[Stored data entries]

::::::::::

(* Let $\Omega=[0,1]$, let $p_1,\dots,p_n\in(0,1)$ be distinct, and let $F_\infty$ be the pointwise minimal $\Omega$-tropical series that is non-smooth at each of $p_1,\dots,p_n$. Let $q\in[0,1)$ be the fractional part of $-\sum_{j=1}^n p_j$. Let $H_\infty$ be the set of non-smooth points of $F_\infty$ and $\mu_\infty$ their multiplicities. Then: (i) if $q=0$, then $H_\infty=\{p_1,\dots,p_n\}$ and all multiplicities equal $1$; (ii) if $q=p_j$ for some $j\in\{1,\dots,n\}$, then $H_\infty=\{p_1,\dots,p_n\}$, $\mu_\infty(p_j)=2$, and all other multiplicities equal $1$; (iii) otherwise, $H_\infty=\{q,p_1,\dots,p_n\}$ and all multiplicities equal $1$.
   Context: Let $\Omega=[\alpha,\beta]$ be a compact interval. An $\Omega$-tropical series is a function $F:\Omega\to[0,\infty)$ with $F(\alpha)=F(\beta)=0$ that can be written as $F(z)=\inf_{v\in\mathbb{Z}}(a_v+zv)$ for some real numbers $a_v$. Such $F$ is concave piecewise linear with integer slopes; its non-smooth points are the points of $(\alpha,\beta)$ where $F$ is not differentiable, and the multiplicity of such a point $h$ is $F'(h^-)-F'(h^+)\in\mathbb{Z}_{\ge1}$. For points $p_1,\dots,p_n$ in $(\alpha,\beta)$, the pointwise infimum of all $\Omega$-tropical series that are non-smooth at each $p_i$ is itself an $\Omega$-tropical series non-smooth at each $p_i$; it is denoted $F_\infty=G_{\{p_1,\dots,p_n\}}0_\Omega$. *)

From Stdlib Require Import Reals ZArith Lra.
From Coquelicot Require Import Coquelicot.
Open Scope R_scope.

(* An Omega-tropical series on [alpha, beta]: nonnegative on Omega, vanishing at
   the endpoints, and equal on Omega to inf_{v in Z} (a_v + z v) for some real a_v
   (the infimum being a real greatest lower bound). *)
Definition is_trop_series (alpha beta : R) (F : R -> R) : Prop :=
  (forall z, alpha <= z <= beta -> 0 <= F z) /\
  F alpha = 0 /\ F beta = 0 /\
  exists a : Z -> R, forall z, alpha <= z <= beta ->
    (forall v : Z, F z <= a v + z * IZR v) /\
    (forall m, (forall v : Z, m <= a v + z * IZR v) -> m <= F z).

Definition non_smooth (alpha beta : R) (F : R -> R) (h : R) : Prop :=
  alpha < h < beta /\ ~ ex_derive F h.

Definition is_left_deriv (F : R -> R) (h l : R) : Prop :=
  filterlim (fun t => (F (h + t) - F h) / t) (at_left 0) (locally l).
Definition is_right_deriv (F : R -> R) (h l : R) : Prop :=
  filterlim (fun t => (F (h + t) - F h) / t) (at_right 0) (locally l).

Definition has_mult (F : R -> R) (h : R) (m : Z) : Prop :=
  exists dl dr, is_left_deriv F h dl /\ is_right_deriv F h dr /\ dl - dr = IZR m.

Fixpoint psum (p : nat -> R) (n : nat) : R :=
  match n with O => 0 | S k => psum p k + p k end.

From Stdlib Require Import Reals ZArith Lra Lia Classical List.
From Coquelicot Require Import Coquelicot.
Open Scope R_scope.

(* Write [m + q = n - sum_j p_j] with [m] an integer and [q] in [0,1), so that [q] is the
   fractional part of [- sum_j p_j].  The candidate is
     F_inf z = (m+1) z - max(0, z - q) - sum_j max(0, z - p_j):
   a minimum of finitely many lines with integer slopes, vanishing at 0 and 1, whose slope
   drops by [[q = h] + #{j | p_j = h}] at [h].  Conversely, the supporting slopes of an
   Omega-tropical series G non-smooth at every p_j are integers dropping by at least one
   across each p_j; walking from [z] down to 0, resp. up to 1, this bounds
   [G z + sum_j max(0, z - p_j)] below by [(b + #{p_j < z}) z], resp. by its mirror image,
   and integrality of the slopes makes one of these bounds at least [F_inf z].  So the
   minimal series is F_inf, and its kinks are read off its one-sided slopes. *)

Definition hinge (c x : R) : R := Rmax 0 (x - c).

Fixpoint hinge_sum (p : nat -> R) (n : nat) (x : R) : R :=
  match n with O => 0 | S k => hinge_sum p k x + hinge (p k) x end.

Fixpoint count_lt (p : nat -> R) (n : nat) (x : R) : nat :=
  match n with O => O | S k => (count_lt p k x + if Rlt_dec (p k) x then 1 else 0)%nat end.
Fixpoint count_eq (p : nat -> R) (n : nat) (x : R) : nat :=
  match n with O => O | S k => (count_eq p k x + if Req_EM_T (p k) x then 1 else 0)%nat end.
Fixpoint count_gt (p : nat -> R) (n : nat) (x : R) : nat :=
  match n with O => O | S k => (count_gt p k x + if Rlt_dec x (p k) then 1 else 0)%nat end.

Definition distinct_pts (p : nat -> R) (n : nat) : Prop :=
  forall i j, (i < n)%nat -> (j < n)%nat -> p i = p j -> i = j.

Lemma hinge_nonneg c x : 0 <= hinge c x.
Proof. apply Rmax_l. Qed.

Lemma hinge_ge_sub c x : x - c <= hinge c x.
Proof. apply Rmax_r. Qed.

Lemma hinge_left c x : x <= c -> hinge c x = 0.
Proof. intro; unfold hinge; rewrite Rmax_left; lra. Qed.

Lemma hinge_right c x : c <= x -> hinge c x = x - c.
Proof. intro; unfold hinge; rewrite Rmax_right; lra. Qed.

Lemma hinge_sum_nonneg p n x : 0 <= hinge_sum p n x.
Proof. induction n; simpl; [lra|]. pose proof (hinge_nonneg (p n) x); lra. Qed.

Lemma hinge_sum_at0 p n : (forall i, (i < n)%nat -> 0 < p i < 1) -> hinge_sum p n 0 = 0.
Proof.
  induction n; simpl; intros hp; [lra|].
  pose proof (hp n (Nat.lt_succ_diag_r n)).
  rewrite IHn, hinge_left; [lra | lra | intros; apply hp; lia].
Qed.

Lemma hinge_sum_at1 p n : (forall i, (i < n)%nat -> 0 < p i < 1) ->
  hinge_sum p n 1 = INR n - psum p n.
Proof.
  induction n; cbn [hinge_sum psum]; intros hp; [simpl; lra|].
  pose proof (hp n (Nat.lt_succ_diag_r n)).
  rewrite IHn, hinge_right, S_INR; [lra | lra | intros; apply hp; lia].
Qed.

Lemma hinge_sum_reflect p n z :
  hinge_sum (fun i => 1 - p i) n (1 - z) = hinge_sum p n z + psum p n - INR n * z.
Proof.
  induction n; cbn [hinge_sum psum]; [simpl; lra|]. rewrite IHn, S_INR.
  destruct (Rle_dec (p n) z).
  - rewrite (hinge_right (p n) z), (hinge_left (1 - p n) (1 - z)) by lra. lra.
  - rewrite (hinge_left (p n) z), (hinge_right (1 - p n) (1 - z)) by lra. lra.
Qed.

Lemma count_lt_reflect p n z : count_lt (fun i => 1 - p i) n (1 - z) = count_gt p n z.
Proof.
  induction n; simpl; auto. rewrite IHn.
  destruct (Rlt_dec (1 - p n) (1 - z)), (Rlt_dec z (p n)); lra || reflexivity.
Qed.

Lemma count_lt_eq_gt p n x : (count_lt p n x + count_eq p n x + count_gt p n x = n)%nat.
Proof.
  induction n; simpl; auto.
  destruct (Rlt_dec (p n) x), (Req_EM_T (p n) x), (Rlt_dec x (p n)); lra || lia.
Qed.

Lemma count_eq_absent p n x : (forall i, (i < n)%nat -> p i <> x) -> count_eq p n x = O.
Proof.
  induction n; simpl; intros hx; auto.
  rewrite IHn by (intros; apply hx; lia).
  destruct (Req_EM_T (p n) x) as [e|_]; [destruct (hx n); auto|auto].
Qed.

Lemma count_eq_point p n j : distinct_pts p n -> (j < n)%nat -> count_eq p n (p j) = 1%nat.
Proof.
  induction n as [|n IH]; simpl; intros hd hj; [lia|].
  destruct (Req_EM_T (p n) (p j)) as [e|e].
  - assert (n = j) by (apply hd; auto; lia). subst j.
    rewrite count_eq_absent; auto. intros i hi e'. apply hd in e'; lia.
  - rewrite IH; [lia| intros i k hi hk; apply hd; lia |].
    destruct (Nat.eq_dec j n); [subst; tauto | lia].
Qed.

Lemma count_lt_pos p n x : count_lt p n x <> O -> exists i, (i < n)%nat /\ p i < x.
Proof.
  induction n; simpl; intros hc; [lia|].
  destruct (Rlt_dec (p n) x); [exists n; split; auto|].
  destruct IHn as [i [hi hx]]; [lia|]. exists i; split; auto.
Qed.

Lemma count_lt_no_between p n y z : y < z -> (forall i, (i < n)%nat -> ~ (y < p i < z)) ->
  count_lt p n z = (count_lt p n y + count_eq p n y)%nat.
Proof.
  intros hyz; induction n; simpl; intros hgap; auto.
  rewrite IHn by (intros; apply hgap; lia).
  pose proof (hgap n (Nat.lt_succ_diag_r n)).
  destruct (Rlt_dec (p n) z), (Rlt_dec (p n) y), (Req_EM_T (p n) y); lra || lia.
Qed.

Lemma hinge_sum_no_between p n y z : y < z -> (forall i, (i < n)%nat -> ~ (y < p i < z)) ->
  hinge_sum p n z - hinge_sum p n y = INR (count_lt p n z) * (z - y).
Proof.
  intros hyz; induction n; simpl; intros hgap; [lra|].
  rewrite plus_INR. pose proof (IHn ltac:(intros; apply hgap; lia)).
  pose proof (hgap n (Nat.lt_succ_diag_r n)).
  destruct (Rlt_dec (p n) z).
  - rewrite (hinge_right _ z), (hinge_right _ y) by lra. simpl; lra.
  - rewrite (hinge_left _ z), (hinge_left _ y) by lra. simpl; lra.
Qed.

Lemma exists_max_below p n z : (exists i, (i < n)%nat /\ p i < z) ->
  exists j, (j < n)%nat /\ p j < z /\ forall i, (i < n)%nat -> ~ (p j < p i < z).
Proof.
  induction n as [|n IH]; intros [i [hi hz]]; [lia|].
  destruct (classic (exists k, (k < n)%nat /\ p k < z)) as [below|none].
  - destruct (IH below) as [j [hj [hjz hmax]]].
    destruct (classic (p j < p n < z)) as [between|outside].
    + exists n. split; [lia|split; [lra|]]. intros k hk hk'.
      destruct (Nat.eq_dec k n); [subst; lra|]. apply (hmax k); [lia|lra].
    + exists j. split; [lia|split; [lra|]]. intros k hk hk'.
      destruct (Nat.eq_dec k n); [subst; tauto|]. apply (hmax k); [lia|lra].
  - assert (hnz : p n < z).
    { destruct (Nat.eq_dec i n); [subst; auto|]. destruct none; exists i; split; [lia|auto]. }
    exists n. split; [lia|split; [auto|]]. intros k hk hk'.
    destruct (Nat.eq_dec k n); [subst; lra|]. apply none; exists k; split; [lia|lra].
Qed.

Definition supp_slope (G : R -> R) (x s : R) : Prop :=
  forall y, 0 <= y <= 1 -> G y <= G x + s * (y - x).

Definition kinked_at (G : R -> R) (x : R) : Prop :=
  exists u w : Z, (w + 1 <= u)%Z /\ supp_slope G x (IZR u) /\ supp_slope G x (IZR w).

Lemma supp_slope_antitone G a b sa sb : 0 <= a -> a < b -> b <= 1 ->
  supp_slope G a sa -> supp_slope G b sb -> sb <= sa.
Proof.
  intros h0 hab h1 hsa hsb.
  pose proof (hsa b ltac:(lra)). pose proof (hsb a ltac:(lra)).
  destruct (Rle_dec sb sa); auto.
  assert ((sb - sa) * (b - a) > 0) by (apply Rmult_gt_0_compat; lra). nra.
Qed.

::::::::::

◆ Exercise objective ◆
All that should be written out is the stretch of lines above between the one holding "destruct (Req_EM_T (p n) x)" and the one holding "- assert (n", inclusive, exactly as given.

◆ Task solution ◆
  destruct (Req_EM_T (p n) x) as [e|_]; [destruct (hx n); auto|auto].
Qed.

Lemma count_eq_point p n j : distinct_pts p n -> (j < n)%nat -> count_eq p n (p j) = 1%nat.
Proof.
  induction n as [|n IH]; simpl; intros hd hj; [lia|].
  destruct (Req_EM_T (p n) (p j)) as [e|e].
  - assert (n = j) by (apply hd; auto; lia). subst j.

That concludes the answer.